* _Your goal_:
Repeat exactly, please, the lines that begin at the start of the listing and end at the line holding "x Hx. enough".

⟨

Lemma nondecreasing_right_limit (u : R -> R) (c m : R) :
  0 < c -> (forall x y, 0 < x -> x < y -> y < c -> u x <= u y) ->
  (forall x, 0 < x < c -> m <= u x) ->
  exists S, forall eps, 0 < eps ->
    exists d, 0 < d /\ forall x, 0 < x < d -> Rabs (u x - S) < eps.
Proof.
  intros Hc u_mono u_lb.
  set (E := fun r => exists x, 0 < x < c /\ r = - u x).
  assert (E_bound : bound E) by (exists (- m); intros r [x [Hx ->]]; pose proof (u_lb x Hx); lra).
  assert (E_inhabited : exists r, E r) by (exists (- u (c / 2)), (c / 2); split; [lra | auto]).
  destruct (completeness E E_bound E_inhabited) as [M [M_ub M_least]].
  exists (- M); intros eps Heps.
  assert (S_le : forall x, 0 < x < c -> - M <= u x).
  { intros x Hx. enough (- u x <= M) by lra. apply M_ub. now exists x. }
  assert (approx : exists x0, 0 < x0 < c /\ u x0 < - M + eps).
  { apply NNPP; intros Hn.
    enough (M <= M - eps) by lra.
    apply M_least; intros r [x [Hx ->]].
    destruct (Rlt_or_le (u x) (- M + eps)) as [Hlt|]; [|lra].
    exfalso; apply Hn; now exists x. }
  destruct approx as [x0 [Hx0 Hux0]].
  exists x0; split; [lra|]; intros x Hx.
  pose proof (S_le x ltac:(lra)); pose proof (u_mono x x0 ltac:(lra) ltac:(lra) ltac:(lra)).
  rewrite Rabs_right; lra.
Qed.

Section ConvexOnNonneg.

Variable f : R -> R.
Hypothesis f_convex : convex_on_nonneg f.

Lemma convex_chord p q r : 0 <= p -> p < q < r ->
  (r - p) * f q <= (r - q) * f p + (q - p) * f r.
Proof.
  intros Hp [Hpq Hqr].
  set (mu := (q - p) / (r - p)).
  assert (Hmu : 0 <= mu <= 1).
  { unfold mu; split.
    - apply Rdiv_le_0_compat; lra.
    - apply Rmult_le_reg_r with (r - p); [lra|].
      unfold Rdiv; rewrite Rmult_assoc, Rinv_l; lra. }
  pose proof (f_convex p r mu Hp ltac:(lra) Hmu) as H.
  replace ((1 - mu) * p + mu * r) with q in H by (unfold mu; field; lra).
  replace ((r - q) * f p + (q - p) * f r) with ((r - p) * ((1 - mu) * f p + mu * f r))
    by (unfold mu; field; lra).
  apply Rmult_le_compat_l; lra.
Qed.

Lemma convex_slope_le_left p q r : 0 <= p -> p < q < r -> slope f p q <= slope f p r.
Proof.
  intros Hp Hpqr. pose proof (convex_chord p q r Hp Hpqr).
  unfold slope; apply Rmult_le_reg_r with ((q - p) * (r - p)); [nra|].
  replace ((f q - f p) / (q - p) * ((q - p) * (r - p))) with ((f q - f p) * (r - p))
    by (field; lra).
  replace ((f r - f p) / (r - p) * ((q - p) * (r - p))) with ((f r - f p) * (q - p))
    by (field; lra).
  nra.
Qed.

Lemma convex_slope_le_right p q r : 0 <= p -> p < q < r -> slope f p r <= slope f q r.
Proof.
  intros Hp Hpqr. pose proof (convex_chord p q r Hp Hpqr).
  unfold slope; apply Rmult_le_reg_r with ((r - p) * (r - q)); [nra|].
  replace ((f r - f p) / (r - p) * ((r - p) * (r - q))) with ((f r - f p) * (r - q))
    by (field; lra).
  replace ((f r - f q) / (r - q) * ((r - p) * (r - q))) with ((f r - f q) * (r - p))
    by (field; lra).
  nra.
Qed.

⟩

* _Response area_:
Lemma nondecreasing_right_limit (u : R -> R) (c m : R) :
  0 < c -> (forall x y, 0 < x -> x < y -> y < c -> u x <= u y) ->
  (forall x, 0 < x < c -> m <= u x) ->
  exists S, forall eps, 0 < eps ->
    exists d, 0 < d /\ forall x, 0 < x < d -> Rabs (u x - S) < eps.
Proof.
  intros Hc u_mono u_lb.
  set (E := fun r => exists x, 0 < x < c /\ r = - u x).
  assert (E_bound : bound E) by (exists (- m); intros r [x [Hx ->]]; pose proof (u_lb x Hx); lra).
  assert (E_inhabited : exists r, E r) by (exists (- u (c / 2)), (c / 2); split; [lra | auto]).
  destruct (completeness E E_bound E_inhabited) as [M [M_ub M_least]].
  exists (- M); intros eps Heps.
  assert (S_le : forall x, 0 < x < c -> - M <= u x).
  { intros x Hx. enough (- u x <= M) by lra. apply M_ub. now exists x. }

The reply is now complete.